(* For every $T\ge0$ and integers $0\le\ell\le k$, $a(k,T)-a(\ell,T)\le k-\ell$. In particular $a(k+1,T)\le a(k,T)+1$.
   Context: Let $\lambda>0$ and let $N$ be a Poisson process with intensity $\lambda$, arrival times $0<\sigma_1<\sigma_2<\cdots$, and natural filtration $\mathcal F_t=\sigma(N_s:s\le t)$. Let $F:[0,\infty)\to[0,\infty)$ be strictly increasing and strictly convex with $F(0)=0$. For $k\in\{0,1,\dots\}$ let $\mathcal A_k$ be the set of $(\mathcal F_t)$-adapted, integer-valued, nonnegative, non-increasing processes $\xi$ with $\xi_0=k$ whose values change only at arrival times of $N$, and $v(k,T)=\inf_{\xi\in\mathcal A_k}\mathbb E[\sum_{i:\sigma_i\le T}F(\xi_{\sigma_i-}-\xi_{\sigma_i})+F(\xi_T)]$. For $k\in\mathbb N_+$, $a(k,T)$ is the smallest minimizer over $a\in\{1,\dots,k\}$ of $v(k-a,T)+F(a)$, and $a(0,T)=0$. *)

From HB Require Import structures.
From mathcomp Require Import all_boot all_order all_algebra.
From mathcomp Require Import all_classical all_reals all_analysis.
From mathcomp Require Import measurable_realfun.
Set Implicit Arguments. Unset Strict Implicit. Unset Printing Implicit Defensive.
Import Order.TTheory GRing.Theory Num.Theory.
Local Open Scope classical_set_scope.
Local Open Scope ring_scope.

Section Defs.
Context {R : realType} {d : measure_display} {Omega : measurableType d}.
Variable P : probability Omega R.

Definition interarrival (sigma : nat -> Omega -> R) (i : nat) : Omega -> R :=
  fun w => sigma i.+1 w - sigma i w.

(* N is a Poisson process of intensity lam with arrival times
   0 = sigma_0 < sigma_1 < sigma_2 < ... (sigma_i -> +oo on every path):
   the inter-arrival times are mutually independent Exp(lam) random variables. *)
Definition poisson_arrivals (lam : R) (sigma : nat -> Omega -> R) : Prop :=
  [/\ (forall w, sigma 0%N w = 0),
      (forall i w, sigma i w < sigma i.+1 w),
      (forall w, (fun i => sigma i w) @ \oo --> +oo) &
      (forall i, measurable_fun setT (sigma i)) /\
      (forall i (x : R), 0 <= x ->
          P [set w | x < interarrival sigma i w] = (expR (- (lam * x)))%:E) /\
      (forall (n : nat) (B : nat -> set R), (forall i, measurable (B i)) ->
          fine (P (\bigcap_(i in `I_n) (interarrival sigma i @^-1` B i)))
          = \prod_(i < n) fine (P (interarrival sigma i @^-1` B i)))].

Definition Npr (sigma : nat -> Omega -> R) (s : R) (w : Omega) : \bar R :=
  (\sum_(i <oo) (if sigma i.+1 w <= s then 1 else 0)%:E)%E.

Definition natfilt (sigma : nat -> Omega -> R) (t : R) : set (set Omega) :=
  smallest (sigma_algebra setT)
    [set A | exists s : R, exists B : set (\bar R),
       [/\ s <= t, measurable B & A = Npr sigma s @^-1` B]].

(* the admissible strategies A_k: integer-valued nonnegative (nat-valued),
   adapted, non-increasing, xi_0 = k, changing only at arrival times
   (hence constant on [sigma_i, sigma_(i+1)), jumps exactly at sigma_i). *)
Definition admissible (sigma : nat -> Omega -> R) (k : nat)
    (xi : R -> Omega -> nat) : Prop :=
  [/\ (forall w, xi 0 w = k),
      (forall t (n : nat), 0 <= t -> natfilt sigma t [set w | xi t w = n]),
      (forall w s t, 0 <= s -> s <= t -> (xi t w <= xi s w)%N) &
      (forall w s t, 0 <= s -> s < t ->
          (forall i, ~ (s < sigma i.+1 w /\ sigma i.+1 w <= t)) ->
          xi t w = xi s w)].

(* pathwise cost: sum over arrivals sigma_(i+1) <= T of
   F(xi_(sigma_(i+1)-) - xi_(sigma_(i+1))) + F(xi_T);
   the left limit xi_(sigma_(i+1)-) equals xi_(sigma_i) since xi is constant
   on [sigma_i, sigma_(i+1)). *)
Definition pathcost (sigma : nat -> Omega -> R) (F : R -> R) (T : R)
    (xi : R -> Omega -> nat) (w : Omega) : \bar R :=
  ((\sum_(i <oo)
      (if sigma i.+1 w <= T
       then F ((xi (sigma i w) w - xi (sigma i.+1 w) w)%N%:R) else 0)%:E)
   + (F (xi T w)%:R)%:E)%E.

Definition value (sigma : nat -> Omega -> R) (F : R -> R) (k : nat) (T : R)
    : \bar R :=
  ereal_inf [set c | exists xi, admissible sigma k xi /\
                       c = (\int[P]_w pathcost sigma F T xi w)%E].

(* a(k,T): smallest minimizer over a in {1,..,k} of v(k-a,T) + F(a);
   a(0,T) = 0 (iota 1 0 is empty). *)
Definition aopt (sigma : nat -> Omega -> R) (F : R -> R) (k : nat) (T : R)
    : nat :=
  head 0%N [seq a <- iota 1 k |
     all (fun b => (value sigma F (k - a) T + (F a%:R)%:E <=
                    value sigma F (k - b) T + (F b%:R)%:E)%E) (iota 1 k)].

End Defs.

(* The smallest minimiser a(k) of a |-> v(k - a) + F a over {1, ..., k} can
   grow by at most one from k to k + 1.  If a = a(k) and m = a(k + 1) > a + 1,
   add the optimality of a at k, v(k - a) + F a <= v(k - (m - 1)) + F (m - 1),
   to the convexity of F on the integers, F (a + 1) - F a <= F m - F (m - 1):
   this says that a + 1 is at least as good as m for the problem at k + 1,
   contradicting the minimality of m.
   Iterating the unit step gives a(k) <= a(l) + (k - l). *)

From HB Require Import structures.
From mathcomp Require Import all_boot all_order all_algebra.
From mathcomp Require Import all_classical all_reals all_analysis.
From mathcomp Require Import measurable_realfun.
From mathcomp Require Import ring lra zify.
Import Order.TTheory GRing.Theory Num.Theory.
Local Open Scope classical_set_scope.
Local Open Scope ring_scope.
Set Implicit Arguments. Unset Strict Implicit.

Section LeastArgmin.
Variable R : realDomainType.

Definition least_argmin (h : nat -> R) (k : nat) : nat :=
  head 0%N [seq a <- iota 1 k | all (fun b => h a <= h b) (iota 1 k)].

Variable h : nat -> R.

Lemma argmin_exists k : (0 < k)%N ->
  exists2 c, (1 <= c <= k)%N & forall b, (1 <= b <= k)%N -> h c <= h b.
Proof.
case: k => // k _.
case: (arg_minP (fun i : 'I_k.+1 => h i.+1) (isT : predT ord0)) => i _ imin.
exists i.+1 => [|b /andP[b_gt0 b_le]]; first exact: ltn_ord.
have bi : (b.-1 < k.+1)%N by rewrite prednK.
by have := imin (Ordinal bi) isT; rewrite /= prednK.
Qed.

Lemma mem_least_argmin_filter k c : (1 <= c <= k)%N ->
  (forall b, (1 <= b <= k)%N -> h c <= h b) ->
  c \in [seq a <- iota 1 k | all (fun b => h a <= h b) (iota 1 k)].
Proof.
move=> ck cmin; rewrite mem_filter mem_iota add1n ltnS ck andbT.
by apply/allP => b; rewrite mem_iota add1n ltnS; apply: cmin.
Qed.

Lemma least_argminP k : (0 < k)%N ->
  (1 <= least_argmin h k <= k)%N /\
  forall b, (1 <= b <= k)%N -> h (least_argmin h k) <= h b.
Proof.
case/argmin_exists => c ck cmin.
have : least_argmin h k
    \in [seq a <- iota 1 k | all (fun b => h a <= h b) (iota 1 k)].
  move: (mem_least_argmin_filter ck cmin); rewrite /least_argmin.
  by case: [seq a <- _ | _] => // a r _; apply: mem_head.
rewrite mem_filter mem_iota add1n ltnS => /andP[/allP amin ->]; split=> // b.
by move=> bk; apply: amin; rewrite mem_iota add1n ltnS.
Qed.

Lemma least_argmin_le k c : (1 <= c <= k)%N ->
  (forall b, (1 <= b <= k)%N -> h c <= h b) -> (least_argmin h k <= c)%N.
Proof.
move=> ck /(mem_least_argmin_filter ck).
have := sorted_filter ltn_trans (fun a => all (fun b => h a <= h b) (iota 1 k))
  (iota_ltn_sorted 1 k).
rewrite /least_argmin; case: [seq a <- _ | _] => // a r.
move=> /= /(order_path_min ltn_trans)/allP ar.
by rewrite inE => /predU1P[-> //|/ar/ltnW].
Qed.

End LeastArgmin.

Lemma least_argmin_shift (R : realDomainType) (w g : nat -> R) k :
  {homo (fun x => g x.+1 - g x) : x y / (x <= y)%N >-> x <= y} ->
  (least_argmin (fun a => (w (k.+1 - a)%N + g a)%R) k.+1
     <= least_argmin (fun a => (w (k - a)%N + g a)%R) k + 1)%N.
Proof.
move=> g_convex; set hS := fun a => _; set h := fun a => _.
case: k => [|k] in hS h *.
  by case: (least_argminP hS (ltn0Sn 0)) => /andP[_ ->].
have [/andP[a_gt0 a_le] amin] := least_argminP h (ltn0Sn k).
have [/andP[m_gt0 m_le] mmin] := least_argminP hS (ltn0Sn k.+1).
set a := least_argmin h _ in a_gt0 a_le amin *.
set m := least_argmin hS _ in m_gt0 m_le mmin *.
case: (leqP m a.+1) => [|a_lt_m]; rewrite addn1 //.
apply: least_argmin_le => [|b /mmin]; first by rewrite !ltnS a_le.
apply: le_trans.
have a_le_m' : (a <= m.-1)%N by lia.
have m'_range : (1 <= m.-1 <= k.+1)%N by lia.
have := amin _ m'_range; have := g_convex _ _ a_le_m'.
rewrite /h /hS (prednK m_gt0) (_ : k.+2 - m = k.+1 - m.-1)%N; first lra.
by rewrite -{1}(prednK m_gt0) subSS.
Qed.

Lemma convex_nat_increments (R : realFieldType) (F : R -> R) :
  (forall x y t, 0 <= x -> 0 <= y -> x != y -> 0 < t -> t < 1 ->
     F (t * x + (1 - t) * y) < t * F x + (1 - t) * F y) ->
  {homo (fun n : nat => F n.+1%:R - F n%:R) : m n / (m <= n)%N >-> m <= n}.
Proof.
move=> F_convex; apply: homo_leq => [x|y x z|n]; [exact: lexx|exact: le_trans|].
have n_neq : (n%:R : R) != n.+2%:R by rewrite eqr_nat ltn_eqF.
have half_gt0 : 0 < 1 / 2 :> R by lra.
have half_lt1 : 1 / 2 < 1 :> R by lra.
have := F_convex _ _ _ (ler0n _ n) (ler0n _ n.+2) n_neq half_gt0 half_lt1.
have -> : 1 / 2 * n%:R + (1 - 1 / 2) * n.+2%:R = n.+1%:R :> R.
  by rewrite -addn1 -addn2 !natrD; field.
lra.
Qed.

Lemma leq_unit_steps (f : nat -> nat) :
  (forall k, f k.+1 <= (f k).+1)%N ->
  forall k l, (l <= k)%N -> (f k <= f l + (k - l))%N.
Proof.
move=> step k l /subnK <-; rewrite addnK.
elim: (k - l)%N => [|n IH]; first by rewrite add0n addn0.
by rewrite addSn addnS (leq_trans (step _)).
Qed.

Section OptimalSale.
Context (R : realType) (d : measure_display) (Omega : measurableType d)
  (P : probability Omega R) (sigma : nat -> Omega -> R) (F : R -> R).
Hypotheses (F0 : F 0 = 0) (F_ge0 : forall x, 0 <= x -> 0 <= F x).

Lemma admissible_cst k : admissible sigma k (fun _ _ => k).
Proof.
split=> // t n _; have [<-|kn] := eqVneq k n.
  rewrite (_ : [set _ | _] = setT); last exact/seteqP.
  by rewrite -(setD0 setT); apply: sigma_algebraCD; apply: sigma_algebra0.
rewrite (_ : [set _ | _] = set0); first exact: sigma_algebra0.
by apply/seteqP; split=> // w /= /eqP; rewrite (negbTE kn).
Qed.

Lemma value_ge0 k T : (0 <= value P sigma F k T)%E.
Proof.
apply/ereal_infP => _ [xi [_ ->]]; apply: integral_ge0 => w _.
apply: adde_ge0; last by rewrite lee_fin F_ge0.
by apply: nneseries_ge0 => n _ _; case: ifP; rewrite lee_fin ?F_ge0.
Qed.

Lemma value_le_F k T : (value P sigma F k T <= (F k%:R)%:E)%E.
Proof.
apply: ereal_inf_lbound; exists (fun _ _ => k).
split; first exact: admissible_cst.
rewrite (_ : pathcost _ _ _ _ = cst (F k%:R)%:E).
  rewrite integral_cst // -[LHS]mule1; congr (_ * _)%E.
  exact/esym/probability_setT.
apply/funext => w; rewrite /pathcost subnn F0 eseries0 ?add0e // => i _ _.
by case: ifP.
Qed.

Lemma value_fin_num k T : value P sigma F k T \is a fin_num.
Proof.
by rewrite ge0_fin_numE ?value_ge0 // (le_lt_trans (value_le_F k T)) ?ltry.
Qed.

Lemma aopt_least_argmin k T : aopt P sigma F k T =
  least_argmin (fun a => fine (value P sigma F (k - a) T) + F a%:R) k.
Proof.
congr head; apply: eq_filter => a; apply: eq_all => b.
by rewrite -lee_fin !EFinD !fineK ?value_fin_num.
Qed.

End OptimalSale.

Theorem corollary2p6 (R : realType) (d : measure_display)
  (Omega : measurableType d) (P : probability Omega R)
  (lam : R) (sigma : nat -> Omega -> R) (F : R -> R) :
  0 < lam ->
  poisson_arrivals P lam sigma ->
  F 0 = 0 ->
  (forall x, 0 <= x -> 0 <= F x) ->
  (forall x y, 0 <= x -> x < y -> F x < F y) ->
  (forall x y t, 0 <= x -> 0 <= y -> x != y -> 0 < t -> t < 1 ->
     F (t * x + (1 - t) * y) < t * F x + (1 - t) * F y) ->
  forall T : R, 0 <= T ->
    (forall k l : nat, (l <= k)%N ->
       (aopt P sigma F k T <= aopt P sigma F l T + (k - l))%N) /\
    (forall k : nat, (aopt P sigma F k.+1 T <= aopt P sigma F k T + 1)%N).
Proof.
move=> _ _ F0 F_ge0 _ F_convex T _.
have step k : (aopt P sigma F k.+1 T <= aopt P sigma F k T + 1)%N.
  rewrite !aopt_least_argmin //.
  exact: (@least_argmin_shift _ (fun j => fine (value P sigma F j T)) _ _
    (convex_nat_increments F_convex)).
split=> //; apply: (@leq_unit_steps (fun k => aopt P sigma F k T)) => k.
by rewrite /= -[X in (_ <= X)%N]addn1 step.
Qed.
::::
* [Your instructions]: Please go line by line through the records above, copying each one that holds the string "seteqP".

* [Answer space]:
  rewrite (_ : [set _ | _] = setT); last exact/seteqP.
by apply/seteqP; split=> // w /= /eqP; rewrite (negbTE kn).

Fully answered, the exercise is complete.